I hope we can close the discussion about whether obfuscation is necessary or useless by now…
Personally, at least when going with standalone, I would care less about Obfuscation and more about using something like SoftwarePassport by http://www.siliconrealms.com/ or a similar system that has the code encrypted and realtime decrypts it in memory or runs it directly in a pseudo VM with the code being stored in this fictive VM systems code.
Its a hell harder to get anything from that, from fictive non existant cpu instructions, then it is to get something “stupid marker renaming” wanna be protections, cause people who can read deassembled code have no problem with trash variable names at all to decypher meaning of code.

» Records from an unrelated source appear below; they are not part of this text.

Lemma Eperm_exp_sum_take {T : eqType} (Z : T -> R) B c alpha k (s : seq T) :
  uniq s -> (k <= size s)%N -> self_bounded B Z s ->
  0 <= c <= 1 -> c <= Rmax 0 (1 - alpha * B / 2) -> 0 <= alpha ->
  Eperm s (fun t => exp (- alpha * sumR (take k t) Z)) <=
  exp (- alpha * sumR s Z * (1 - shrink c k (size s))).
Proof.
move=> + + + Hc1 Hc Halpha; elim: k s => [|k IH] s Us Hk HZ.
  rewrite (Eperm_ext _ _ (fun _ => 1)) ?Eperm_const => [|t _]; last first.
    by rewrite take0 /= Rmult_0_r exp_0.
  by rewrite /= Rminus_diag Rmult_0_r exp_0; lra.
have Hs : (0 < size s)%N by lia.
set r := size s; set P := shrink c k r.-1.
have HP : 0 <= P <= 1 by apply: shrink_range => //; lia.
have given_first : forall a, a \in s ->
    Eperm (rem a s) (fun t => exp (- alpha * sumR (take k.+1 (a :: t)) Z)) <=
    exp (- alpha * sumR s Z * (1 - P)) * exp (- (alpha * P * Z a)).
  move=> a Ha; have Hr : size (rem a s) = r.-1 by rewrite (size_rem Ha).
  rewrite (Eperm_ext _ _ (fun t => exp (- alpha * Z a) * exp (- alpha * sumR (take k t) Z))).
    rewrite Eperm_scale; apply: Rle_trans.
      apply: Rmult_le_compat_l; first exact: Rlt_le (exp_pos _).
      apply: IH; [exact: rem_uniq | rewrite Hr; lia | by move=> b /mem_rem /HZ].
    rewrite Hr -/P (sumR_rem _ _ Z Ha) -!exp_plus; apply: Req_le; f_equal; ring.
  by move=> t _; rewrite /= -exp_plus; f_equal; ring.
rewrite Eperm_cons //; apply: Rle_trans (avg_le _ _ _ given_first Hs) _.
rewrite avg_scale; apply: Rle_trans.
  apply: Rmult_le_compat_l; first exact: Rlt_le (exp_pos _).
  by apply: (avg_exp_neg_le Z B c alpha) => //; nra.
rewrite -exp_plus /= -/r -/P /avg; apply: Req_le; f_equal.
by have := INR_pos Hs; rewrite -/r => Hr; field; lra.
Qed.

Lemma Eperm_exp_sum_take_le {T : eqType} (Z : T -> R) B c alpha k (s : seq T) :
  uniq s -> (k < size s)%N -> self_bounded B Z s ->
  0 <= c <= 1 -> c <= Rmax 0 (1 - alpha * B / 2) -> 0 <= alpha ->
  Eperm s (fun t => exp (- alpha * sumR (take k t) Z)) <= exp (- alpha * c * INR k * avg s Z).
Proof.
move=> Us Hk HZ Hc1 Hc Ha.
apply: Rle_trans (Eperm_exp_sum_take Z B c alpha k s Us (ltnW Hk) HZ Hc1 Hc Ha) _.
apply: exp_le_compat.
have HS : 0 <= sumR s Z by apply: sumR_ge0_in => a /HZ [].
have Hr := INR_pos (leq_ltn_trans (leq0n k) Hk).
have := shrink_lower c k (size s) Hc1 (ltnW Hk) (leq_ltn_trans (leq0n k) Hk).
have -> : - alpha * c * INR k * avg s Z = - alpha * sumR s Z * (c * INR k / INR (size s)).
  by rewrite /avg; field; lra.
move=> H; have := Rmult_le_compat_l _ _ _ (Rmult_le_pos _ _ Ha HS) H; lra.
Qed.

(* Tail bound for the maximal mean of the undrawn items over the first K draws:
   Doob's inequality with lam = alpha (N - K), then the MGF bound of the first K draws. *)
Lemma tail_max_undrawn_mean {T : eqType} (Z : T -> R) B K alpha th (s : seq T) :
  uniq s -> (K < size s)%N -> self_bounded B Z s -> 0 <= B -> 0 <= alpha ->
  Eperm s (fun p => indR (exceeds Z (avg s Z + th) K p)) <=
  exp (alpha ^ 2 * INR K * avg s Z * B / 2 - alpha * (INR (size s) - INR K) * th).
Proof.
move=> Us HK HZ HB Ha.
set N := size s; set mu := avg s Z; set c := Rmax 0 (1 - alpha * B / 2).
have HN : 0 < INR N by apply: INR_pos; lia.
have HNK : INR K < INR N by apply: lt_INR; apply/ltP.
have Hmu : 0 <= mu.
  by apply: Rmult_le_pos; [apply: sumR_ge0_in => a /HZ [] | exact: Rlt_le (Rinv_0_lt_compat _ HN)].
have Hc : 0 <= c <= 1 by split; [apply: Rmax_l | apply: Rmax_lub; nra].
set lam := alpha * (INR N - INR K).
have Hlam : 0 <= lam by rewrite /lam; nra.
have undrawn : forall p, perm_eq p s ->
    exp (lam * avg (drop K p) Z) = exp (alpha * INR N * mu) * exp (- alpha * sumR (take K p) Z).
  move=> p P; rewrite -exp_plus; f_equal.
  have Hsum : sumR (take K p) Z + sumR (drop K p) Z = INR N * mu.
    by rewrite -sumR_cat cat_take_drop (sumR_perm _ _ _ P) /mu /avg -/N; field; lra.
  rewrite /avg size_drop (perm_size P) -/N minus_INR; last exact/leP/ltnW.
  have -> : sumR (drop K p) Z = INR N * mu - sumR (take K p) Z by lra.
  by rewrite /lam; field; lra.
apply: Rle_trans (doob_maximal Z (mu + th) lam K s Us HK Hlam) _.
rewrite (Eperm_ext _ _ _ undrawn) Eperm_scale.
apply: Rle_trans.
  do 2 (apply: Rmult_le_compat_l; first exact: Rlt_le (exp_pos _)).
  exact: (Eperm_exp_sum_take_le Z B c alpha K s Us HK HZ Hc (Rle_refl _) Ha).
rewrite -!exp_plus -/mu; apply: exp_le_compat.
have Hslack : 0 <= alpha * INR K * mu * (alpha * B / 2 - (1 - c)).
  apply: Rmult_le_pos; last by have := Rmax_r 0 (1 - alpha * B / 2); rewrite -/c; lra.
  by apply: Rmult_le_pos => //; apply: Rmult_le_pos => //; exact: pos_INR.
rewrite /lam; nra.
Qed.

Since we are in a graphic forum, maybe the following comparison helps more. Obfuscation is like:
Blurring your image (renaming)
Randomly merge larger chunks of the blurred one (according to internal rules)
blending them with a lot of artifacts (most likely randomly)
Randomly merge smaller chunks in each little chunks (according to internal rules)
adding a lot of crap chunks and thereby making the image larger
No while you can revert (with huge effort and only with a lot of noise and cracks) the steps 2-5, maybe… You will never be able to to revert the blurring, since blurring causes a loss of information, an unrecoverable loss of information… And most importantly, the blurred information somewhat IS your code. You shouldn’t underestimate the value of names ^^. Code without names is pretty much useless. And the only thing, as I mentioned before, that actually might cause lesser costs by “deobfuscation” than by rewriting are complex, secret algorithms. But that’s hopefully not your entire product… And you can’t prevent anyone from stealing algorithms…
There is also the dedicated Unity3D Obfuscator sold by Tech-Next. I have heard a number of complaints against that one and I have heard the support is not great. It uses, AFAICS, the standard Mono obfuscator wrapped in a simple .NET application.